What is needed:
Go to the line below containing "exists c : 'I_n.+1" and print exactly from there through the line containing "case: (pickP (fun", both included. Print nothing else.

[Data extracted from a collection]
※ ※ ※
(* Let $a,b\in\mathbb{C}$ with $a,b,a+b\notin\{0,-1\}$, and suppose $a\ne b$, $a\ne1$, $b\ne1$. Then $R_{a,b}$ has rank $6$ as a module over $\mathbb{C}[P_2,P_3]$.
   Context: For $a,b\in\mathbb{C}$, let $P_i=ax^i+by^i+(-ax-by)^i\in\mathbb{C}[x,y]$ for $i\ge2$, and let $R_{a,b}$ be the subalgebra of $\mathbb{C}[x,y]$ generated by the $P_i$, $i\ge2$. *)

(* C := complex numbers = (Stdlib R)[i] from mathcomp-real-closed;
   C[x,y] is represented as {poly {poly C}} with x := 'X%:P (inner variable)
   and y := 'X (outer variable). *)
From HB Require Import structures.
From mathcomp Require Import all_boot all_order all_algebra.
From mathcomp Require Import complex Rstruct.
Set Implicit Arguments. Unset Strict Implicit. Unset Printing Implicit Defensive.
Import Order.TTheory GRing.Theory Num.Theory.
Local Open Scope ring_scope.

Definition CC : Type := complex Rdefinitions.R.

Definition Cxy := {poly {poly CC}}.
Definition varx : Cxy := 'X%:P.
Definition vary : Cxy := 'X.
Definition cstxy (c : CC) : Cxy := c%:P%:P.

Definition Pab (a b : CC) (i : nat) : Cxy :=
  cstxy a * varx ^+ i + cstxy b * vary ^+ i
  + (- (cstxy a * varx) - cstxy b * vary) ^+ i.

Inductive in_subalg (G : Cxy -> Prop) : Cxy -> Prop :=
| subalg_const c : in_subalg G (cstxy c)
| subalg_gen f : G f -> in_subalg G f
| subalg_add f g : in_subalg G f -> in_subalg G g -> in_subalg G (f + g)
| subalg_mul f g : in_subalg G f -> in_subalg G g -> in_subalg G (f * g).

Definition Rab (a b : CC) : Cxy -> Prop :=
  in_subalg (fun f => exists2 i : nat, (2 <= i)%N & f = Pab a b i).

Definition A23 (a b : CC) : Cxy -> Prop :=
  in_subalg (fun f => f = Pab a b 2 \/ f = Pab a b 3).

Definition lin_indep_over (A : Cxy -> Prop) (n : nat) (v : 'I_n -> Cxy) : Prop :=
  forall c : 'I_n -> Cxy, (forall j, A (c j)) ->
    \sum_(j < n) c j * v j = 0 -> forall j, c j = 0.

(* M (a torsion-free module over the domain A, both inside C[x,y]) has rank r:
   the maximal number of A-linearly independent elements of M is r
   (equivalently dim over Frac A of Frac A (x)_A M). *)
Definition has_rank_over (A M : Cxy -> Prop) (r : nat) : Prop :=
  (exists v : 'I_r -> Cxy, (forall j, M (v j)) /\ lin_indep_over A v) /\
  (forall v : 'I_r.+1 -> Cxy, (forall j, M (v j)) -> ~ lin_indep_over A v).

From mathcomp Require Import all_boot all_order all_algebra.
From mathcomp Require Import complex Rstruct.
From mathcomp Require Import ring zify.
Set Implicit Arguments.
Unset Strict Implicit.
Unset Printing Implicit Defensive.
Import GRing.Theory Num.Theory.
Local Open Scope ring_scope.

(* Upper bound: the monomials 1, x, y, x^2, xy, x^3 span C[x,y] over A = C[P_2, P_3],
   because x^2 y, x y^2, y^2, x^4 and x^3 y are A-combinations of them up to constant
   factors that are products of the excluded linear forms in a, b; seven elements of a
   module spanned by six are A-dependent by fraction-free elimination.
   Lower bound: restrict to the two lines through the origin on which P_2 vanishes.
   There P_3 becomes p_i t^3 with p_i <> 0 and P_j a multiple of t^j, so a relation
   sum_j q_j(P_2, P_3) w_j = 0 among 1, P_4, P_5, P_6 and two more elements of degrees
   1 and 2 mod 3 splits by degree mod 3 into 2x2 linear systems with nonzero determinant.
   Hence every q_j(0, t) vanishes, P_2 divides every q_j, and induction on the degree in
   P_2 concludes.  The two lines are conjugate under the square root of
   disc = -ab(1 + a + b), so the determinants are computed in a quadratic extension
   and factor into the excluded linear forms, up to the exceptional loci W4 = 0 and
   W5 = 0, where P_7 and P_8 replace P_4 P_6 and P_5 P_6. *)

Section SubalgebraClosure.
Variable G : Cxy -> Prop.

Lemma in_subalg0 : in_subalg G 0.
Proof. by have := subalg_const G 0; rewrite /cstxy !rmorph0. Qed.

Lemma in_subalg1 : in_subalg G 1.
Proof. by have := subalg_const G 1; rewrite /cstxy !rmorph1. Qed.

Lemma in_subalgN f : in_subalg G f -> in_subalg G (- f).
Proof.
move=> Gf; rewrite -mulN1r; apply: subalg_mul Gf.
by have := subalg_const G (-1); rewrite /cstxy !rmorphN1.
Qed.

End SubalgebraClosure.

(** * Spans and linear relations over a subring *)

Section Span.
Variables (R : comNzRingType) (S : R -> Prop).
Hypotheses (S0 : S 0) (S1 : S 1).
Hypotheses (SD : forall x y, S x -> S y -> S (x + y)).
Hypotheses (SM : forall x y, S x -> S y -> S (x * y)).
Variables (n : nat) (e : 'I_n -> R).

Definition in_span (f : R) : Prop :=
  exists2 c : 'I_n -> R, forall i, S (c i) & f = \sum_(i < n) c i * e i.

Lemma in_span0 : in_span 0.
Proof. by exists (fun=> 0) => //; rewrite big1 // => i _; rewrite mul0r. Qed.

Lemma in_spanD f g : in_span f -> in_span g -> in_span (f + g).
Proof.
move=> [c Sc ->] [d Sd ->]; exists (fun i => c i + d i) => [i|]; first exact: SD.
by rewrite -big_split; apply: eq_bigr => i _; rewrite mulrDl.
Qed.

Lemma in_span_mull g f : S g -> in_span f -> in_span (g * f).
Proof.
move=> Sg [c Sc ->]; exists (fun i => g * c i) => [i|]; first exact: SM.
by rewrite mulr_sumr; apply: eq_bigr => i _; rewrite mulrA.
Qed.

Lemma in_span_basis i : in_span (e i).
Proof.
exists (fun j => if j == i then 1 else 0) => [j|]; first by case: eqP.
rewrite (bigD1 i) //= eqxx mul1r big1 ?addr0 // => j /negbTE->.
by rewrite mul0r.
Qed.

Lemma in_span_mul_closed g :
  (forall i, in_span (g * e i)) -> forall f, in_span f -> in_span (g * f).
Proof.
move=> ge f [c Sc ->]; rewrite mulr_sumr.
elim/big_rec: _ => [|i h _ Sh]; first exact: in_span0.
by apply: in_spanD Sh; rewrite mulrCA; apply: in_span_mull.
Qed.

End Span.

Section Relations.
Variables (R : idomainType) (S : R -> Prop).
Hypotheses (S0 : S 0) (S1 : S 1).
Hypotheses (SD : forall x y, S x -> S y -> S (x + y)).
Hypotheses (SM : forall x y, S x -> S y -> S (x * y)).
Hypothesis SN : forall x, S x -> S (- x).

Lemma S_sum m (F : 'I_m -> R) : (forall k, S (F k)) -> S (\sum_(k < m) F k).
Proof. by move=> SF; elim/big_rec: _ => // k x _; apply: SD. Qed.

(* Fraction-free elimination: scale the rows by a pivot of the last column so that
   the column can be cleared without division, then recurse. *)
Lemma rows_relation n (C : 'I_n.+1 -> 'I_n -> R) : (forall k i, S (C k i)) ->
  exists c : 'I_n.+1 -> R, [/\ forall k, S (c k), exists k, c k != 0 &
    forall i, \sum_(k < n.+1) c k * C k i = 0].
Proof.
elim: n C => [|n IH] C SC.
  by exists (fun=> 1); split=> //; [exists ord0; rewrite oner_neq0 | case].
have [p [d [d_neq0 Sd pivot]]] : exists p d, [/\ d != 0, S d &
    forall k, (d - C p ord_max) * C (lift p k) ord_max = 0].
  case: (pickP (fun k => C k ord_max != 0)) => [p Cp | C0].
    by exists p, (C p ord_max); split=> // k; rewrite subrr mul0r.
  exists ord0, 1; split; rewrite ?oner_neq0 // => k.
  by move: (C0 (lift ord0 k)) => /negbFE/eqP->; rewrite mulr0.
pose C' k i := d * C (lift p k) (lift ord_max i) - C (lift p k) ord_max * C p (lift ord_max i).
have [|c' [Sc' [k0 c'k0] c'C']] := IH C'.
  by move=> k i; apply: SD; [apply: SM | apply/SN/SM].
pose c k := if unlift p k is Some k' then c' k' * d
            else - \sum_(k' < n.+1) c' k' * C (lift p k') ord_max.
have c_p : c p = - \sum_(k' < n.+1) c' k' * C (lift p k') ord_max.
  by rewrite /c unlift_none.
have c_lift k' : c (lift p k') = c' k' * d by rewrite /c liftK.
exists c; split.
- move=> k; rewrite /c; case: (unlift p k) => [k'|]; first exact: SM.
  by apply/SN/S_sum => k'; apply: SM.
- by exists (lift p k0); rewrite c_lift mulf_neq0.
move=> i; rewrite (bigD1_ord p) //= c_p mulNr mulr_suml -sumrN -big_split /=.
case: (unliftP ord_max i) => [i'|] ->.
  transitivity (\sum_(k < n.+1) c' k * C' k i'); last exact: c'C' i'.
  by apply: eq_bigr => k _; rewrite c_lift /C'; ring.
apply: big1 => k _; rewrite c_lift.
by transitivity (c' k * ((d - C p ord_max) * C (lift p k) ord_max));
  [ring | rewrite pivot mulr0].
Qed.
※ ※ ※
Answer section:
  exists c : 'I_n.+1 -> R, [/\ forall k, S (c k), exists k, c k != 0 &
    forall i, \sum_(k < n.+1) c k * C k i = 0].
Proof.
elim: n C => [|n IH] C SC.
  by exists (fun=> 1); split=> //; [exists ord0; rewrite oner_neq0 | case].
have [p [d [d_neq0 Sd pivot]]] : exists p d, [/\ d != 0, S d &
    forall k, (d - C p ord_max) * C (lift p k) ord_max = 0].
  case: (pickP (fun k => C k ord_max != 0)) => [p Cp | C0].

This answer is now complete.